Karaboyun Kubilay, Iriagac Yakup, Cavdar Eyyup, Avci Okan, Seber Erdogan Selcuk
Department of Medical Oncology, Faculty of Medicine, Tekirdag Namik Kemal University, Tekirdag, Turkiye.
J Coll Physicians Surg Pak. 2023 May;33(5):548-553. doi: 10.29271/jcpsp.2023.05.548.
To predict short and long-term mortality in patients who were admitted to the emergency department and then hospitalised unplanned in medical oncology-ward.
An observational study. Place and Duration of the Study: Department of Medical Oncology, Tekirdag Namik Kemal University Hospital, Tekirdag, Turkiye, from May 2021 to May 2022.
Consecutive patients admitted to the emergency department with unplanned hospitalisation in the oncology ward, were included. Patients receiving treatment with the curative intent, patients hospitalised for febrile neutropenia, and terminally ill patients requiring intensive care unit follow-up at admission were excluded from the study. Univariate and multivariate logistic regression analyses were used to identify predictive factors for short and long-term mortality-dependent variables.
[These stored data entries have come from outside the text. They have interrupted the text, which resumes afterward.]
(* The standard 2-cocycle $\alpha(A,B)=\mathrm{tr}\big(\pi([A,B])-[\pi(A),\pi(B)]\big)$ on $\overline{gl}(\infty)$ is multiplicative: for all $A,B,C\in\overline{gl}(\infty)$, $\alpha(AB,C)+\alpha(BC,A)+\alpha(CA,B)=0$.
   Context: $\overline{gl}(\infty)$ is the associative algebra (and Lie algebra under the commutator) of complex matrices $A=(a_{ij})_{i,j\in\mathbb Z}$ with finitely many nonzero diagonals, i.e. there is $r=r(A)$ with $a_{ij}=0$ whenever $|i-j|>r$, with the usual matrix product. For $A\in\overline{gl}(\infty)$, $\pi(A)$ is the matrix with entries $\pi(A)_{ij}=a_{ij}$ if $i\ge0$ and $j\ge0$, and $0$ otherwise. The matrix $\pi([A,B])-[\pi(A),\pi(B)]$ has finitely many nonzero entries, so its trace is defined. *)

From HB Require Import structures.
From mathcomp Require Import all_boot all_order all_algebra.
From mathcomp Require Import boolp classical_sets fsbigop reals.
From mathcomp Require Import complex.
Set Implicit Arguments. Unset Strict Implicit. Unset Printing Implicit Defensive.
Import Order.TTheory GRing.Theory Num.Theory.
Local Open Scope classical_set_scope.
Local Open Scope ring_scope.

Definition zmat (R : realType) := int -> int -> R[i].

(* A belongs to gl-bar(infinity): finitely many nonzero diagonals. *)
Definition in_glbar (R : realType) (A : zmat R) : Prop :=
  exists r : nat, forall i j : int, (r < `|i - j|)%N -> A i j = 0.

(* Usual matrix product: (AB)_{ij} = sum_k a_{ik} b_{kj}, the sum being over
   the (finite, for banded A B) support of k |-> a_{ik} b_{kj}. *)
Definition zmul (R : realType) (A B : zmat R) : zmat R :=
  fun i j => \sum_(k \in [set: int]) (A i k * B k j).

Definition zsub (R : realType) (A B : zmat R) : zmat R := fun i j => A i j - B i j.

Definition zcomm (R : realType) (A B : zmat R) : zmat R :=
  zsub (zmul A B) (zmul B A).

Definition zpi (R : realType) (A : zmat R) : zmat R :=
  fun i j => if (0 <= i) && (0 <= j) then A i j else 0.

Definition ztr (R : realType) (M : zmat R) : R[i] :=
  \sum_(i \in [set: int]) M i i.

Definition alpha (R : realType) (A B : zmat R) : R[i] :=
  ztr (zsub (zpi (zcomm A B)) (zcomm (zpi A) (zpi B))).

From HB Require Import structures.
From mathcomp Require Import all_boot all_order all_algebra.
From mathcomp Require Import boolp classical_sets fsbigop reals.
From mathcomp Require Import complex.
From mathcomp Require Import zify ring.
Set Implicit Arguments. Unset Strict Implicit. Unset Printing Implicit Defensive.
Import Order.TTheory GRing.Theory Num.Theory.
Local Open Scope ring_scope.

(* For banded X and Y, alpha(X, Y) = sum_(i >= 0 > k) (X_ik Y_ki - Y_ik X_ki).
   Expanding the products, each of the six terms of
   alpha(AB, C) + alpha(BC, A) + alpha(CA, B) becomes a sum of
   +/- A_pq B_qr C_rp over the (p, q, r) subject to two sign conditions, and
   with P = [p >= 0], Q = [q >= 0], R = [r >= 0] the total coefficient is
   (1 - R)(P - Q) + (1 - P)(Q - R) + (1 - Q)(R - P) = 0.  Bandedness makes all
   the sums finite, so they can be taken over one fixed window of integers. *)

Lemma fsbig_seq_supp (T : choiceType) (V : nmodType) (F : T -> V) (s : seq T) :
  uniq s -> (forall k, F k != 0 -> k \in s) ->
  \sum_(k \in [set: T]) F k = \sum_(k <- s) F k.
Proof.
move=> us sF; rewrite (fsbig_seq _ _ us); apply/esym/fsbig_widen => // k [_ /= sk].
by apply/eqP; apply: contraT => /sF.
Qed.

Definition win (a : int) (n : nat) : seq int := [seq a + i%:Z | i <- iota 0 n].

Lemma mem_win a n k : (k \in win a n) = (a <= k < a + n%:Z).
Proof.
apply/mapP/idP => [[m] | /andP[ak kn]].
  by rewrite mem_iota => /andP[_ ?] ->; lia.
by exists `|k - a|%N; [rewrite mem_iota | ]; lia.
Qed.

Lemma win_uniq a n : uniq (win a n).
Proof. by rewrite map_inj_uniq ?iota_uniq // => i j /=; lia. Qed.

Definition window (s : nat) : seq int := win (- (2 * s)%:Z) (4 * s).

Lemma mem_window s k : (k \in window s) = (- (2 * s)%:Z <= k < (2 * s)%:Z).
Proof. by rewrite mem_win; lia. Qed.

Lemma window_uniq s : uniq (window s).
Proof. exact: win_uniq. Qed.

Definition sum3 (T : Type) (V : nmodType) (l : seq T) (F : T -> T -> T -> V) :=
  \sum_(p <- l) \sum_(q <- l) \sum_(r <- l) F p q r.

Lemma eq_sum3 (T : Type) (V : nmodType) (l : seq T) (F G : T -> T -> T -> V) :
  (forall p q r, F p q r = G p q r) -> sum3 l F = sum3 l G.
Proof.
by move=> FG; apply: eq_bigr => p _; apply: eq_bigr => q _; apply: eq_bigr.
Qed.

Lemma sum3_rot (T : Type) (V : nmodType) (l : seq T) (F : T -> T -> T -> V) :
  sum3 l F = sum3 l (fun p q r => F r p q).
Proof.
by rewrite /sum3; under [RHS]eq_bigr do rewrite exchange_big; rewrite [RHS]exchange_big.
Qed.

Lemma sum3D (T : Type) (V : nmodType) (l : seq T) (F G : T -> T -> T -> V) :
  sum3 l F + sum3 l G = sum3 l (fun p q r => F p q r + G p q r).
Proof.
rewrite /sum3 -big_split; apply: eq_bigr => p _.
by rewrite -big_split; apply: eq_bigr => q _; rewrite -big_split.
Qed.

Lemma sum3B (T : Type) (V : zmodType) (l : seq T) (F G : T -> T -> T -> V) :
  sum3 l F - sum3 l G = sum3 l (fun p q r => F p q r - G p q r).
Proof.
rewrite /sum3 -sumrB; apply: eq_bigr => p _.
by rewrite -sumrB; apply: eq_bigr => q _; rewrite -sumrB.
Qed.

Lemma sum3_eq0 (T : Type) (V : nmodType) (l : seq T) (F : T -> T -> T -> V) :
  (forall p q r, F p q r = 0) -> sum3 l F = 0.
Proof.
by move=> F0; apply: big1 => p _; apply: big1 => q _; apply: big1 => r _.
Qed.

Section Banded.
Variable R : realType.
Implicit Types X Y Z : zmat R.

Definition band X (s : nat) :=
  forall i j : int, (s < `|i - j|)%N -> X i j = 0.

Lemma band_widen X r s : (r <= s)%N -> band X r -> band X s.
Proof. by move=> rs bX i j ij; apply: bX; lia. Qed.

Lemma band_zmul X Y r t : band X r -> band Y t -> band (zmul X Y) (r + t).
Proof.
move=> bX bY i j ij; rewrite /zmul fsbig1 // => k _.
have [ik | ik] := leqP `|i - k| r; last by rewrite bX ?mul0r.
by rewrite (bY k j) ?mulr0 //; lia.
Qed.

Lemma band_zpi X s : band X s -> band (zpi X) s.
Proof. by move=> bX i j ij; rewrite /zpi bX ?if_same. Qed.

Lemma zmul_seq X Y s (ks : seq int) i j :
  band X s -> uniq ks -> (forall k, (`|i - k| <= s)%N -> k \in ks) ->
  zmul X Y i j = \sum_(k <- ks) X i k * Y k j.
Proof.
move=> bX uks ksP; apply: fsbig_seq_supp => // k; apply: contraR => kks.
by rewrite bX ?mul0r // ltnNge; apply: contra kks; apply: ksP.
Qed.

Lemma fsbig2_seq (F : int -> int -> R[i]) (ks : seq int) :
  uniq ks -> (forall i k, F i k != 0 -> (i \in ks) && (k \in ks)) ->
  \sum_(i \in [set: int]) \sum_(k \in [set: int]) F i k =
  \sum_(i <- ks) \sum_(k <- ks) F i k.
Proof.
move=> uks FP; rewrite (eq_fsbigr (fun i => \sum_(k <- ks) F i k)); last first.
  by move=> i _; apply: fsbig_seq_supp => // k /FP /andP[].
apply: fsbig_seq_supp => // i; apply: contraR => iks.
by rewrite big1 // => k _; apply/eqP; apply: contraR iks => /FP /andP[].
Qed.

Definition cross X Y : R[i] :=
  \sum_(i \in [set: int]) \sum_(k \in [set: int])
    (if (0 <= i) && (k < 0) then X i k * Y k i else 0).

Lemma alpha_diag X Y s i : band X s -> band Y s ->
  zsub (zpi (zcomm X Y)) (zcomm (zpi X) (zpi Y)) i i =
  \sum_(k \in [set: int])
    (if (0 <= i) && (k < 0) then X i k * Y k i - Y i k * X k i else 0).
Proof.
move=> bX bY; rewrite /zsub {1}/zpi /zcomm /zsub.
have [i0 | i0] /= := boolP (0 <= i); last first.
  by rewrite /zmul !fsbig1 ?subrr // => k _; rewrite /zpi (negbTE i0) mul0r.
pose ks := win (i - s%:Z) (2 * s + 1).
have ksP k : (`|i - k| <= s)%N -> k \in ks by rewrite mem_win; lia.
have ks_uniq : uniq ks := win_uniq _ _.
have [bpX bpY] := (band_zpi bX, band_zpi bY).
rewrite !(zmul_seq _ _ _ ks_uniq ksP) //.
rewrite (fsbig_seq_supp ks_uniq); last first.
  move=> k; apply: contraR; rewrite mem_win => kks; case: ifP => // _.
  by rewrite bX ?bY ?mulr0 ?mul0r ?subrr //; lia.
rewrite -!sumrB; apply: eq_bigr => k _; rewrite /zpi i0 ltNge.
by case: (0 <= k) => /=; rewrite ?mulr0 ?mul0r ?subrr ?subr0.
Qed.

Lemma quadrant_window (F : int -> int -> R[i]) s :
  (forall i k, 0 <= i -> k < 0 -> (s < `|i - k|)%N -> F i k = 0) ->
  \sum_(i \in [set: int]) \sum_(k \in [set: int])
    (if (0 <= i) && (k < 0) then F i k else 0) =
  \sum_(i <- window s) \sum_(k <- window s)
    (if (0 <= i) && (k < 0) then F i k else 0).
Proof.
move=> F0; apply: fsbig2_seq => [|i k]; first exact: window_uniq.
case: ifP => [/andP[i0 k0] | _]; last by rewrite eqxx.
by apply: contraNT; rewrite !mem_window => ?; rewrite F0 //; lia.
Qed.

Lemma cross_window X Y s : band Y s ->
  cross X Y = \sum_(i <- window s) \sum_(k <- window s)
    (if (0 <= i) && (k < 0) then X i k * Y k i else 0).
Proof.
move=> bY; apply: (@quadrant_window (fun i k => X i k * Y k i)) => i k _ _ ik.
by rewrite bY ?mulr0 //; lia.
Qed.

Lemma alpha_cross X Y s : band X s -> band Y s ->
  alpha X Y = cross X Y - cross Y X.
Proof.
move=> bX bY; rewrite (cross_window X bY) (cross_window Y bX).
rewrite /alpha /ztr (eq_fsbigr _ _ (in1W (fun i => alpha_diag i bX bY))).
rewrite (@quadrant_window _ s) => [|i k _ _ ik]; last first.
  by rewrite bX ?(bX k) ?mulr0 ?mul0r ?subrr //; lia.
rewrite -sumrB; apply: eq_bigr => i _; rewrite -sumrB; apply: eq_bigr => k _.
by case: ifP; rewrite ?subrr.
Qed.

Definition trace3 s X Y Z (c : int -> int -> int -> bool) : R[i] :=
  sum3 (window s) (fun p q r => if c p q r then X p q * Y q r * Z r p else 0).

Lemma trace3_rot X Y Z s c :
  trace3 s X Y Z c = trace3 s Y Z X (fun p q r => c r p q).
Proof.
rewrite /trace3 sum3_rot; apply: eq_sum3 => p q r.
by case: (c r p q); rewrite // -mulrA mulrC.
Qed.

Lemma cross_zmull X Y Z s : band X s -> band Z s ->
  cross (zmul X Y) Z = trace3 s X Y Z (fun p q r => (0 <= p) && (r < 0)).
Proof.
move=> bX bZ; rewrite (cross_window _ bZ) /trace3 /sum3; apply: eq_bigr => i _.
rewrite [RHS]exchange_big; apply: eq_bigr => k _ /=.
case: ifP => [/andP[i0 k0] | _]; last by rewrite big1.
have [i_lt | i_ge] := ltrP i s%:Z.
  rewrite (zmul_seq _ _ bX (window_uniq s)) ?big_distrl // => j.
  by rewrite mem_window; lia.
rewrite (bZ k i) ?mulr0 ?big1 // => [j _ | ]; [by rewrite mulr0 | lia].
Qed.

Lemma cross_zmulr X Y Z s : band X s -> band Z s -> band (zmul X Y) s ->
  cross Z (zmul X Y) = trace3 s Z X Y (fun p q r => (0 <= p) && (q < 0)).
Proof.
move=> bX bZ bXY; rewrite (cross_window _ bXY) /trace3 /sum3.
apply: eq_bigr => i _; apply: eq_bigr => k _.
case: ifP => [/andP[i0 k0] | _]; last by rewrite big1.
have [k_lt | k_ge] := ltrP k (- s%:Z).
  rewrite (bZ i k) ?mul0r ?big1 // => [j _ | ]; [by rewrite !mul0r | lia].
rewrite (zmul_seq _ _ bX (window_uniq s)) => [|j]; last by rewrite mem_window; lia.
by rewrite big_distrr; apply: eq_bigr => j _; exact: mulrA.
Qed.

End Banded.

Theorem mainTheorem17 (R : realType) (A B C : zmat R) :
  in_glbar A -> in_glbar B -> in_glbar C ->
  alpha (zmul A B) C + alpha (zmul B C) A + alpha (zmul C A) B = 0.
Proof.
move=> [ra bA] [rb bB] [rc bC]; set s := (ra + rb + rc)%N.
have bA' : band A s by apply: band_widen bA; lia.
have bB' : band B s by apply: band_widen bB; lia.
have bC' : band C s by apply: band_widen bC; lia.
have bAB : band (zmul A B) s by apply: band_widen (band_zmul bA bB); lia.
have bBC : band (zmul B C) s by apply: band_widen (band_zmul bB bC); lia.
have bCA : band (zmul C A) s by apply: band_widen (band_zmul bC bA); lia.
rewrite (alpha_cross bAB bC') (alpha_cross bBC bA') (alpha_cross bCA bB').
rewrite (cross_zmull B bA' bC') (cross_zmull C bB' bA') (cross_zmull A bC' bB').
rewrite (cross_zmulr bA' bC' bAB) (cross_zmulr bB' bA' bBC).
rewrite (cross_zmulr bC' bB' bCA).
rewrite !(trace3_rot B C A) !(trace3_rot C A B) /trace3 !sum3B !sum3D.
apply: sum3_eq0 => p q r /=; rewrite !ltNge.
by case: (0 <= p); case: (0 <= q); case: (0 <= r) => /=; ring.
Qed.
This study included 253 advanced cancer patients. The number of patients who died in the ward within 10 days (short-term mortality) was 28 (11.1%). Ninety patients (35.6%) died afterwards anytime in the ward during the study (long-term mortality). In the multivariate analysis established for short-term mortality, higher ALT (OR = 6.75, 95% CI: 2.09 - 21.85, p=0.001), rapid deterioration in performance status (OR = 5.49, 95% CI: 1.81-16.67, p=0.003), higher CRP (OR = 5.86, 95% CI: 1.20-28.53, p=0.029), higher procalcitonin (OR = 7.94, 95% CI: 0.99 - 63.82, p=0.051), and higher lactate (OR = 2.47, 95% CI: 0.94-6.51, p=0.067) showed significant predictive features.
The decision of whether to continue treatment or not is challenging in cancer patients who require unplanned hospitalisation while receiving palliative systemic therapy. New mortality estimation models can be used in making the transition from life-long to palliative treatments.
Mortality prediction, Hospitalisation, Estimation of survival, Chemotherapy.
预测急诊入院后在医学肿瘤病房非计划住院患者的短期和长期死亡率。
一项观察性研究。研究地点和时间:2021年5月至2022年5月,土耳其泰基尔达纳米克·凯末尔大学医院医学肿瘤学系。
纳入连续在急诊科就诊后在肿瘤病房非计划住院的患者。接受根治性治疗的患者、因发热性中性粒细胞减少症住院的患者以及入院时需要重症监护病房随访的晚期患者被排除在研究之外。采用单因素和多因素逻辑回归分析来确定短期和长期死亡率相关变量的预测因素。
本研究纳入了253例晚期癌症患者。10天内在病房死亡的患者数量(短期死亡率)为28例(11.1%)。90例患者(35.6%)在研究期间的任何时间在病房死亡(长期死亡率)。在针对短期死亡率建立的多因素分析中,较高的谷丙转氨酶(OR = 6.75,95%CI:2.09 - 21.85,p = 0.001)、体能状态快速恶化(OR = 5.49,95%CI:1.81 - 16.67,p = 0.003)、较高的C反应蛋白(OR = 5.86,95%CI:1.20 - 28.53,p = 0.029)、较高的降钙素原(OR = 7.94,95%CI:0.99 - 63.82,p = 0.051)和较高的乳酸(OR = 2.47,95%CI:0.94 - 6.51,p = 0.067)显示出显著的预测特征。
在接受姑息性全身治疗时需要非计划住院的癌症患者中,决定是否继续治疗具有挑战性。新的死亡率估计模型可用于从终身治疗向姑息治疗的转变。